Opened 8 years ago
Closed 8 years ago
#1029 closed help (fixed)
CRUN problem
Reported by: | emxin | Owned by: | willie |
---|---|---|---|
Component: | UM Model | Keywords: | Automatic resubmission, NRUN, CRUN |
Cc: | Platform: | HECToR | |
UM Version: | 7.3 |
Description
Dear helpdesker:
Recently I experienced some problems with CRUN, though the NRUN seemed working successfully. The target length of each job is set to 9 months (for 12hrs walltime), but when I used CRUN to re-submit jobs, it seems the job ignored this target length and kept running until it hit the 12hrs limit, which means it can not make a continued run after this run. One of my jobs ID is xhjgy, the NRUN and CRUN reports (.leave files) are below (note: the job has been successfully run for about 17yrs, but stopped due to unknown reason. All the preoblem appeared after that time):
/home/n02/n02/emxin/um/umui_out/xhjgy000.xhjgy.d13056.t170012.leave
/home/n02/n02/emxin/um/umui_out/xhjgy000.xhjgy.d13053.t143342.leave
Bests
Xin
Change History (9)
comment:1 Changed 8 years ago by willie
- Owner changed from um_support to willie
- Platform changed from <select platform> to HECToR
- Status changed from new to accepted
comment:2 Changed 8 years ago by emxin
Hi there,
Thanks for the reply, but can you instruct me in more deatil on how to solve the problem? e.g how to switch on the FCM baranch hector archiving? to be honest, I do not know why/how I got this problem.
thanks
Xin
comment:3 Changed 8 years ago by willie
Hi Xin,
If you don't need the archiving, then in Post Processing > Main switch, select "No" for "Is automatic archiving required?".

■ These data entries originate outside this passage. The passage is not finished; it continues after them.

Lemma choice_set_shift_lt x k (eps : R) : 0 < eps ->
  exists2 h : R, 0 < h &
    (P (choice_set (shift_at x k h) k `\` choice_set x k) < eps%:E)%E.
Proof.
move=> eps_gt0.
pose A m := choice_set (shift_at x k (harmonic m)) k `\` choice_set x k.
suff [m Am] : exists m, (P (A m) < eps%:E)%E by exists (harmonic m); rewrite ?harmonic_gt0.
apply: (measure_nonincreasing_lt (mu := P) (A := A) _ _ _ eps_gt0).
- by move=> m; apply: measurableD; exact: measurable_choice_set.
- apply/nonincreasing_seqP => m; apply/subsetPset; apply: setSD; apply: choice_set_sub.
    by rewrite /shift_at eqxx lerD2l le_harmonicS.
  by move=> j jk; rewrite /shift_at (negbTE jk).
apply: negligibleS (negligible_set0 P) => e Ae.
have [_ /existsNP[j /negP]] := Ae 0%N I; rewrite -ltNge => lt_kj.
have cvgU : (fun m => U e k (x k + harmonic m)) @ \oo --> U e k (x k).
  exact: continuous_shift_cvg cvg_harmonic.
have [M _ /(_ M (leqnn M)) HM] := cvgr_lt _ cvgU _ lt_kj.
have [/(_ j) + _] := Ae M I; rewrite /shift_at eqxx.
have [jk|jk] := eqVneq j k; first by rewrite jk ltxx in lt_kj.
by rewrite leNgt HM.
Qed.

Section existence.
Hypothesis Uinv : forall e (j : 'I_n), bijective (U e (Some j)).
Variable s : J0 -> R.
Hypothesis s_gt0 : forall k, 0 < s k.
Hypothesis s_sum : \sum_k s k = 1.

Definition share_le_target : set ('I_n -> R) :=
  [set delta | forall i, share (extend0 delta) (Some i) <= s (Some i)].

Lemma share_le_target_nonempty : exists delta, share_le_target delta.
Proof.
have small (j : 'I_n) : exists m : nat,
    (P [set e | (U e None 0 <= U e (Some j) (- m%:R))%R] < (s (Some j))%:E)%E.
  apply: (measure_nonincreasing_lt (mu := P) _ _ _ (s_gt0 _)).
  - by move=> m; exact: measurable_ler.
  - apply/nonincreasing_seqP => m; apply/subsetPset => e /= /le_trans; apply.
    by rewrite leU lerN2 ler_nat.
  apply: negligibleS (negligible_set0 P) => e /= Ae.
  have [m /andP[lt_m _]] := bijective_increasing_unbounded (Uinv e j)
    (Uincr e (Some j)) (U e None 0).
  by have := Ae m I; rewrite /= leNgt lt_m.
have [m Hm] := choice small.
exists (fun j => - (m j)%:R) => j; rewrite -lee_fin -sigmaE.
apply: le_trans (ltW (Hm j)); apply: le_measure; rewrite ?inE.
- exact: measurable_choice_set.
- exact: measurable_ler.
by move=> e /(_ None).
Qed.

Lemma share_le_target_bounded j :
  exists b, forall delta, share_le_target delta -> delta j <= b.
Proof.
have [m Hm] : exists m : nat,
    (P [set e | (U e (Some j) m%:R <= U e None 0)%R] < (s None)%:E)%E.
  apply: (measure_nonincreasing_lt (mu := P) _ _ _ (s_gt0 _)).
  - by move=> m; exact: measurable_ler.
  - apply/nonincreasing_seqP => m; apply/subsetPset => e /=; apply: le_trans.
    by rewrite leU ler_nat.
  apply: negligibleS (negligible_set0 P) => e /= Ae.
  have [m /andP[_ lt_m]] := bijective_increasing_unbounded (Uinv e j)
    (Uincr e (Some j)) (U e None 0).
  by have := Ae m I; rewrite /= leNgt lt_m.
exists m%:R => delta delta_le; rewrite leNgt; apply/negP => lt_m.
have : s None <= share (extend0 delta) None.
  have := sum_share (extend0 delta).
  rewrite -s_sum (bigD1 None) //= [in RHS](bigD1 None) //= => sumE.
  rewrite -(lerD2r (\sum_(k | k != None) share (extend0 delta) k)) sumE lerD2l.
  by apply: ler_sum => -[i|] // _; exact: delta_le.
apply/negP; rewrite -ltNge -lte_fin -sigmaE; apply: le_lt_trans Hm.
apply: le_measure; rewrite ?inE; first exact: measurable_choice_set.
  exact: measurable_ler.
by move=> e /(_ (Some j)) /=; apply: le_trans; rewrite leU ltW.
Qed.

If you do need archiving, then go to FCM configuration > FCM options for the UM and change the fcm:um_br/dev/jeff/VN7.3_HadGEM3-A_r2.0_hector_monsoon_archiving/src to be included.
Regards,
Willie
comment:4 Changed 8 years ago by emxin
Hi Willie,
After I switched on the hector_monsoon_archiving, the problem is still there. I even made a completely new run (by removing the old directory on hector) and then let it do a CUN. The job seems ignored the target length (which is 9 months in this case) for a 12 hrs walltime and kept running until it reached the 12 hrs limit and stpped.
Bests
Xin
comment:5 Changed 8 years ago by willie
Hi Xin,
Is this working now? I notice you've been running xhjgy in the past couple of days.
Regards,
Willie
comment:6 Changed 8 years ago by emxin
Hi Willie,
Sadly, it is not working. I have tried many things e.g. by making a completely new run or reducing time limit of the target job, but all failed. I am wondering if this problem is because of my job is too slow and can not finish a whole year integration in the 12 hours walltime? I used target length of 9 months for job limit of 43200 seconds. It is very strange as the job did not stop immediately after it finished the 9 10 months integration. It kept running until it reach 12hrs limit. Thus, there is no job re-submitted. Can you give further help?
Bests
Xin
comment:7 Changed 8 years ago by willie
- Keywords Automatic resubmission, NRUN, CRUN added
Hi Xin,
I took a copy of your job and modified it so that it ran for three days in chunks of one day. I also set it so that it output a dump at the end of each day. This ran fine. Each run takes a few minutes, so this is a good way to test your setup.
I found that once the initial NRUN is completed, then you have to edit the SUBMIT file on PUMA and then press the submit button on the UMUI - it is important not to SAVE or PROCESS.
Regards,
Willie
comment:8 Changed 8 years ago by emxin
Hi, the problem has been solved by copying a new .profile and .bashrc from a colleague. It seems the compilor I used on Hector was for pTOMCAT model and not for UKCA.
Xin
comment:9 Changed 8 years ago by willie
- Resolution set to fixed
- Status changed from accepted to closed
Hi Xin,
You have selected HECToR archiving, so you need to have the FCM branch hector_monsoon_archiving switched on.
I hope that helps.
Regards,
Willie